# My really hot wife!



## redspeck (Jul 3, 2012)

She's just enjoying the day on my boat.


----------



## coup de grace (Aug 7, 2010)

Yes sir and likes to fish, life is good.


----------



## SwineAssassiN (Jul 24, 2011)

Your day is going alot better than mine.. im stuck at the dmv. What r yall fishing for?


----------



## redspeck (Jul 3, 2012)

*Gibbons Creek*



SwineAssassiN said:


> Your day is going alot better than mine.. im stuck at the dmv. What r yall fishing for?


This was last weekend at Gibbons Creek. We are fishing for some crappie and catfish, but all we caught was some throw back freshwater drum. In all we had a good time on the water.


----------



## DCAVA (Aug 5, 2013)

Cool deal redspeck!!


----------



## Whitebassfisher (May 4, 2007)

A sincere congratulations to you. She is the best fishing buddy you could possibly have.


----------



## shadslinger (Aug 21, 2005)

A day on the water with a hot babe, priceless!


----------



## bueyescowboy (Apr 10, 2005)

The pictures are getting better and better....why guys wanna look at some smelly old fish I don't know.....maybe we need a looking for wife board.....have the ladies post a pic....you never know a match might be made....


----------



## poco jim (Jun 28, 2010)

You're a lucky man!:wink::cheers:


----------



## slimyhand (May 3, 2009)

That's what I'm talking about redspeck!
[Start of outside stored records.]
Lemma rsum_spec (f : X -> R) (S : rigged X) c u :
  in_S1 dist x0 S -> 0 < c -> supported_far f c -> enum_far S c u ->
  is_finsum (fun j => f (u j)) (rsum f S).
Proof.
  intros HS Hc Hf Hu.
  assert (Hex : exists v e, enumerates S e /\ is_finsum (fun j => f (e j)) v).
  { pose proof HS as [_ [_ [s [Hs _]]]].
    destruct (enum_far_is_finsum S c f HS Hc Hf s (enumerates_enum_far S c s Hs)) as [v Hv].
    eauto. }
  destruct (epsilon_spec (inhabits 0) _ Hex) as [e [He Hv]].
  exact (enum_far_is_finsum_transfer S c f HS Hc Hf e u _
           (enumerates_enum_far S c e He) Hu Hv).
Qed.

Lemma rsum_sub_psum (f : X -> R) (S S' : rigged X) c eps :
  in_S1 dist x0 S -> in_S1 dist x0 S' -> 0 < c -> supported_far f c ->
  rdist_lt dist S S' eps ->
  exists (s u : nat -> X) M,
    rsum f S - rsum f S' = psum (fun j => f (s j) - f (u j)) M /\
    psum (fun j => dist (s j) (u j)) M < eps.
Proof.
  intros HS HS' Hc Hf [s [u [Hs [Hu [Hex Hlt]]]]].
  pose proof (rsum_spec f S c s HS Hc Hf (enumerates_enum_far S c s Hs)) as H1.
  pose proof (rsum_spec f S' c u HS' Hc Hf (enumerates_enum_far S' c u Hu)) as H2.
  destruct (is_finsum_common _ _ _ _ H1 H2) as [M [-> ->]].
  exists s, u, M. split; [symmetry; apply psum_minus|].
  eapply Rle_lt_trans; [apply psum_le_Series|]; auto.
Qed.

End RiggedSums.

Arguments enum_far {X} dist x0 S c u.
Arguments supported_far {X} dist x0 f c.
Arguments enumerates_enum_far {X} dist x0 S c u.
Arguments tail_dist_lt {X} dist x0 dist_ge0 s c.
Arguments far_mult_finite {X} dist x0 S s c N.
Arguments rsum {X} f S.
Arguments rsum_spec {X} dist x0 dist_ge0 f S c u.
Arguments rsum_sub_psum {X} dist x0 dist_ge0 f S S' c eps.

(** * Angles and the circle *)

Lemma Int_part_bounds x : IZR (Int_part x) <= x < IZR (Int_part x) + 1.
Proof. destruct (base_Int_part x); lra. Qed.

Lemma Int_part_unique x k : IZR k <= x < IZR k + 1 -> Int_part x = k.
Proof. intros H. symmetry. apply Int_part_spec. lra. Qed.

Lemma IZR_lt_succ_le m n : (m < n)%Z -> IZR m + 1 <= IZR n.
Proof. intros H. rewrite <- plus_IZR. apply IZR_le; lia. Qed.

Lemma Rabs_IZR_ge1 n : n <> 0%Z -> 1 <= Rabs (IZR n).
Proof.
  intros H. destruct (Z.lt_ge_cases n 0).
  - assert (IZR n <= -1) by (apply IZR_le; lia). rewrite Rabs_left by lra; lra.
  - assert (1 <= IZR n) by (apply IZR_le; lia). rewrite Rabs_pos_eq by lra; lra.
Qed.

Definition in2PIZ (u : R) : Prop := exists m : Z, u = 2 * PI * IZR m.

Lemma in2PIZ_0 : in2PIZ 0.
Proof. exists 0%Z; simpl; ring. Qed.

Lemma in2PIZ_add u v : in2PIZ u -> in2PIZ v -> in2PIZ (u + v).
Proof. intros [m ->] [n ->]. exists (m + n)%Z. rewrite plus_IZR; ring. Qed.

Lemma in2PIZ_sub u v : in2PIZ u -> in2PIZ v -> in2PIZ (u - v).
Proof. intros [m ->] [n ->]. exists (m - n)%Z. rewrite minus_IZR; ring. Qed.

Lemma in2PIZ_psum h n : (forall j, in2PIZ (h j)) -> in2PIZ (psum h n).
Proof. intros H; induction n; simpl; [apply in2PIZ_0 | apply in2PIZ_add; auto]. Qed.

Lemma Rabs_2PIZ_ge m : m <> 0%Z -> 2 * PI <= Rabs (2 * PI * IZR m).
Proof.
  intros Hm. pose proof PI_RGT_0. apply Rabs_IZR_ge1 in Hm.
  rewrite Rabs_mult, (Rabs_pos_eq (2 * PI)) by lra. nra.
Qed.

Lemma in2PIZ_small x : in2PIZ x -> Rabs x < 2 * PI -> x = 0.
Proof.
  intros [m ->] H. destruct (Z.eq_dec m 0) as [->|Hm]; [simpl; ring|].
  apply Rabs_2PIZ_ge in Hm. lra.
Qed.

Definition wrap (u : R) : R := u - 2 * PI * IZR (Int_part (u / (2 * PI) + / 2)).

Lemma wrap_range u : - PI <= wrap u < PI.
Proof.
  unfold wrap. pose proof PI_RGT_0.
  destruct (Int_part_bounds (u / (2 * PI) + / 2)) as [H1 H2].
  set (k := IZR (Int_part (u / (2 * PI) + / 2))) in *. set (w := u / (2 * PI)) in *.
  replace u with (2 * PI * w) by (unfold w; field; apply PI_neq0).
  replace (2 * PI * w - 2 * PI * k) with (2 * PI * (w - k)) by ring.
  split.
  - replace (- PI) with (2 * PI * (- / 2)) by field. apply Rmult_le_compat_l; lra.
  - replace PI with (2 * PI * (/ 2)) at 2 by field. apply Rmult_lt_compat_l; lra.
Qed.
Wish I could get mine in the boat with me more. Her dad and I go enough for both of us tho. How long y'all been married?


----------



## redspeck (Jul 3, 2012)

slimyhand said:


> That's what I'm talking about redspeck! Wish I could get mine in the boat with me more. Her dad and I go enough for both of us tho. How long y'all been married?


7 years and I cant get her off the boat, when do I get my alone time! LOL


----------